▶ WHAT THE TASK REQUIRES
Lines outside the range are not wanted. Give again exactly the lines between the line holding "Local Open Scope ring_scope." and the line holding "Section DividedDifference.", inclusive, from the listing below.
--- RECORDS FOR THIS EXERCISE Enclosed Below ---
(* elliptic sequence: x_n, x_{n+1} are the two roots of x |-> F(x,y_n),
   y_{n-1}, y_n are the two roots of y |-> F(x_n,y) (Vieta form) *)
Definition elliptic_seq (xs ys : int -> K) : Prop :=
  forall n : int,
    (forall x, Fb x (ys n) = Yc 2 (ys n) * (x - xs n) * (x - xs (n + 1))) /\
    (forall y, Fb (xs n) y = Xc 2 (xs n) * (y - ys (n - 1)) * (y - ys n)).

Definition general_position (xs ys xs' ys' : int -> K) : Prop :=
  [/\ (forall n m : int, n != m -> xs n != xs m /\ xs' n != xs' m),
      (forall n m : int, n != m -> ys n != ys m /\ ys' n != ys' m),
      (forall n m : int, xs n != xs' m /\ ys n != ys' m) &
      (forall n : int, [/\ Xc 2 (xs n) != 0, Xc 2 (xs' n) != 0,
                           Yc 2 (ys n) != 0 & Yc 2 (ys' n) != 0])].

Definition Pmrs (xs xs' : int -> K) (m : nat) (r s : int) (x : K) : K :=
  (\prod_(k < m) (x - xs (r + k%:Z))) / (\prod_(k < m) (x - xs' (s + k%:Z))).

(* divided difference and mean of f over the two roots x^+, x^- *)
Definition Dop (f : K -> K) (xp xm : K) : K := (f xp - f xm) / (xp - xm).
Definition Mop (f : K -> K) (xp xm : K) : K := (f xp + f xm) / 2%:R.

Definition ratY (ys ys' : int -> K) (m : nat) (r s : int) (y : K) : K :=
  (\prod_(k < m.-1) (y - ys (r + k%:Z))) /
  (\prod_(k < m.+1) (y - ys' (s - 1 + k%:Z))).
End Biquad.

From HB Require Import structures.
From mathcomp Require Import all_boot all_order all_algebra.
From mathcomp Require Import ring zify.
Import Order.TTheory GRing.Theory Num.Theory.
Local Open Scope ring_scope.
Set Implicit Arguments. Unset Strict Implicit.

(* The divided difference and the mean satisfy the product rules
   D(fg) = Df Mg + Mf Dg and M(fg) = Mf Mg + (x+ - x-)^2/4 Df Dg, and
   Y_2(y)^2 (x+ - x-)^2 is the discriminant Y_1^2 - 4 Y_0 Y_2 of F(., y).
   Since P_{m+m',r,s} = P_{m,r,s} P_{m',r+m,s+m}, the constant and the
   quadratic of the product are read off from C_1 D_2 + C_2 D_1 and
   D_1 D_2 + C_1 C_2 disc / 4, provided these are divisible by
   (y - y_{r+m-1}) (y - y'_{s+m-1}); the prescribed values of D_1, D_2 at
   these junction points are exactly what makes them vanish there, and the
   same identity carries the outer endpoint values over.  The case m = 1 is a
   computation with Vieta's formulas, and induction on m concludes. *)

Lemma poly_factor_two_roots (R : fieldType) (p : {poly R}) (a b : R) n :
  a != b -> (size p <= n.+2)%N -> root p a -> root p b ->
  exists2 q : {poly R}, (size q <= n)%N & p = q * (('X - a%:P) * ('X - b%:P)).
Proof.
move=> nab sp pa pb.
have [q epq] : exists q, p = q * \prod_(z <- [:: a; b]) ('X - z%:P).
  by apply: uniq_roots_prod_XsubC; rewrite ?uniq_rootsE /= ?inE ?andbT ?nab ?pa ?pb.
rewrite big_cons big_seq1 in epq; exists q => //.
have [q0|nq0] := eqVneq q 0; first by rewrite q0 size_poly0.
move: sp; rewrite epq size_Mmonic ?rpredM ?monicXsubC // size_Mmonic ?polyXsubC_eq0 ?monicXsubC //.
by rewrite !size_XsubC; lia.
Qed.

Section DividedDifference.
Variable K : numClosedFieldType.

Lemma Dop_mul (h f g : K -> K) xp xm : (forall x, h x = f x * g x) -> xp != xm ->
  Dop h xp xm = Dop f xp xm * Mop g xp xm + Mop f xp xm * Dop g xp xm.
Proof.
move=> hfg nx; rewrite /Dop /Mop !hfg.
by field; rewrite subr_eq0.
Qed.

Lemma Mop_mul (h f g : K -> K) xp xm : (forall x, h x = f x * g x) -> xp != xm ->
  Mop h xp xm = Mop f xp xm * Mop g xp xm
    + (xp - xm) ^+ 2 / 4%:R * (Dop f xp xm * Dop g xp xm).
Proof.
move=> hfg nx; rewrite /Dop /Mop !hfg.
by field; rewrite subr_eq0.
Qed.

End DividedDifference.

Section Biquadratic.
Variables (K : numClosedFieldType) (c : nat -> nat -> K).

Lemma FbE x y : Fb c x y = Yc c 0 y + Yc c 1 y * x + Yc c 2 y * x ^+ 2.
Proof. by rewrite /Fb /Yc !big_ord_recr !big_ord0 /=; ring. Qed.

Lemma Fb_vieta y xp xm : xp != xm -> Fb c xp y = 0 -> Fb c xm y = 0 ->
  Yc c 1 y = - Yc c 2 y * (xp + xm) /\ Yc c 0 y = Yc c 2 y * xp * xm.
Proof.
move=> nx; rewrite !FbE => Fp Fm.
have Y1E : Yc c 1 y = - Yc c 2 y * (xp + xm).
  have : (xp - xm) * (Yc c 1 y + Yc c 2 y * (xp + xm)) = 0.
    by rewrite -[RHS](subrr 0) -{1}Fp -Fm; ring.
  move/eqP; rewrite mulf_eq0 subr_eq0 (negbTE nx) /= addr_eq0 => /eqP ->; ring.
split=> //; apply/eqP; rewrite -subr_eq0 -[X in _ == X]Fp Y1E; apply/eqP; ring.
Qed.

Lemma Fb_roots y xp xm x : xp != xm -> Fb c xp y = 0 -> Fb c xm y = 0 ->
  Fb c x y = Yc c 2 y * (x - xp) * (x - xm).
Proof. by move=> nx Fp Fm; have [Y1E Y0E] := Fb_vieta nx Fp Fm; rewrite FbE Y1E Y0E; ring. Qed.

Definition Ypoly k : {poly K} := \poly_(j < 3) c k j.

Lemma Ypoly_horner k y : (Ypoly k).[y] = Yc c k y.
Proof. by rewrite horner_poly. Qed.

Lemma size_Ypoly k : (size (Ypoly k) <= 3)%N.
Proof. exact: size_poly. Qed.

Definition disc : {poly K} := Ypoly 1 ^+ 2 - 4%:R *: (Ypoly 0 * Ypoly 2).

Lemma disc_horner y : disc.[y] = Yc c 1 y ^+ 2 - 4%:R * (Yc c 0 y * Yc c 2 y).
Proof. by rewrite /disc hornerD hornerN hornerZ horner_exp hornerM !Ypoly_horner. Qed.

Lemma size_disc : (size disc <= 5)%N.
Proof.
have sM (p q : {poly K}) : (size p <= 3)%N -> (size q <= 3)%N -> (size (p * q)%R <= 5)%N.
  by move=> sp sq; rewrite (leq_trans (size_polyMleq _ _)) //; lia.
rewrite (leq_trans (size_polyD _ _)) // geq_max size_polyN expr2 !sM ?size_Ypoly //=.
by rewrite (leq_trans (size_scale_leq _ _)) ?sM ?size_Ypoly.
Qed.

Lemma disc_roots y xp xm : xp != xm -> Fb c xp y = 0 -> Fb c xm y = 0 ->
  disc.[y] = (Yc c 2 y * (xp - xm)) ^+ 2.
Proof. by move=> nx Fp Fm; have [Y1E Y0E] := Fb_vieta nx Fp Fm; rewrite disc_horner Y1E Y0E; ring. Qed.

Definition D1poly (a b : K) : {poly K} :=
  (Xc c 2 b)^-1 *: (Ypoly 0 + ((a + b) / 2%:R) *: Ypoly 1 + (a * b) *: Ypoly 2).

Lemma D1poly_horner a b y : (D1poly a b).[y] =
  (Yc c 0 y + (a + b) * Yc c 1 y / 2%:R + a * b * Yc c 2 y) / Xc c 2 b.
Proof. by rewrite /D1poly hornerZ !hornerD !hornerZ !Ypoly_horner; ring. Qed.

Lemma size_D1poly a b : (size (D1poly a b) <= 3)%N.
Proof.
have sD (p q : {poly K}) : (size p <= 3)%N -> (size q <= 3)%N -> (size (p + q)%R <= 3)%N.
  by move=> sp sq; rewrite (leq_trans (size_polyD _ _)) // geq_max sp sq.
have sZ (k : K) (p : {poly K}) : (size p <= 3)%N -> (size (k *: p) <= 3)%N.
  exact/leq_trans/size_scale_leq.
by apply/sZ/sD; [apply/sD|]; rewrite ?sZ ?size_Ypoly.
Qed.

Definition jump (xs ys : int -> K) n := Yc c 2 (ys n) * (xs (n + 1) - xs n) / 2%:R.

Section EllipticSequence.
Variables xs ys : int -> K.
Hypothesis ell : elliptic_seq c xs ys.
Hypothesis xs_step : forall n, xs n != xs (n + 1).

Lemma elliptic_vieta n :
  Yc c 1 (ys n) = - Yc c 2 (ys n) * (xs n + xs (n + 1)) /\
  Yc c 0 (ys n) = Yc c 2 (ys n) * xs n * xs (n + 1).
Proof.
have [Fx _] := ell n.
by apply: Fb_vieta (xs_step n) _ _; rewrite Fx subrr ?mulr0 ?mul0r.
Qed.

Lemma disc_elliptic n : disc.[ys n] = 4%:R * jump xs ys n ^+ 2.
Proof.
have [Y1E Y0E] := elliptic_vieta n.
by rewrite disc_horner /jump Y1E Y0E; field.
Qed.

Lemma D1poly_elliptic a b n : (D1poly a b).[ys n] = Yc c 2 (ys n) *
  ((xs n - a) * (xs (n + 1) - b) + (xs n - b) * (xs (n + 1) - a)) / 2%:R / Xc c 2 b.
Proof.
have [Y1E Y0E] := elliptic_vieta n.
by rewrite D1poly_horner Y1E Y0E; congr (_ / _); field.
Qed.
--- End of Enclosed RECORDS FOR THIS EXERCISE ---
▶ FINISHED TASK
Local Open Scope ring_scope.
Set Implicit Arguments. Unset Strict Implicit.

(* The divided difference and the mean satisfy the product rules
   D(fg) = Df Mg + Mf Dg and M(fg) = Mf Mg + (x+ - x-)^2/4 Df Dg, and
   Y_2(y)^2 (x+ - x-)^2 is the discriminant Y_1^2 - 4 Y_0 Y_2 of F(., y).
   Since P_{m+m',r,s} = P_{m,r,s} P_{m',r+m,s+m}, the constant and the
   quadratic of the product are read off from C_1 D_2 + C_2 D_1 and
   D_1 D_2 + C_1 C_2 disc / 4, provided these are divisible by
   (y - y_{r+m-1}) (y - y'_{s+m-1}); the prescribed values of D_1, D_2 at
   these junction points are exactly what makes them vanish there, and the
   same identity carries the outer endpoint values over.  The case m = 1 is a
   computation with Vieta's formulas, and induction on m concludes. *)

Lemma poly_factor_two_roots (R : fieldType) (p : {poly R}) (a b : R) n :
  a != b -> (size p <= n.+2)%N -> root p a -> root p b ->
  exists2 q : {poly R}, (size q <= n)%N & p = q * (('X - a%:P) * ('X - b%:P)).
Proof.
move=> nab sp pa pb.
have [q epq] : exists q, p = q * \prod_(z <- [:: a; b]) ('X - z%:P).
  by apply: uniq_roots_prod_XsubC; rewrite ?uniq_rootsE /= ?inE ?andbT ?nab ?pa ?pb.
rewrite big_cons big_seq1 in epq; exists q => //.
have [q0|nq0] := eqVneq q 0; first by rewrite q0 size_poly0.
move: sp; rewrite epq size_Mmonic ?rpredM ?monicXsubC // size_Mmonic ?polyXsubC_eq0 ?monicXsubC //.
by rewrite !size_XsubC; lia.
Qed.

Section DividedDifference.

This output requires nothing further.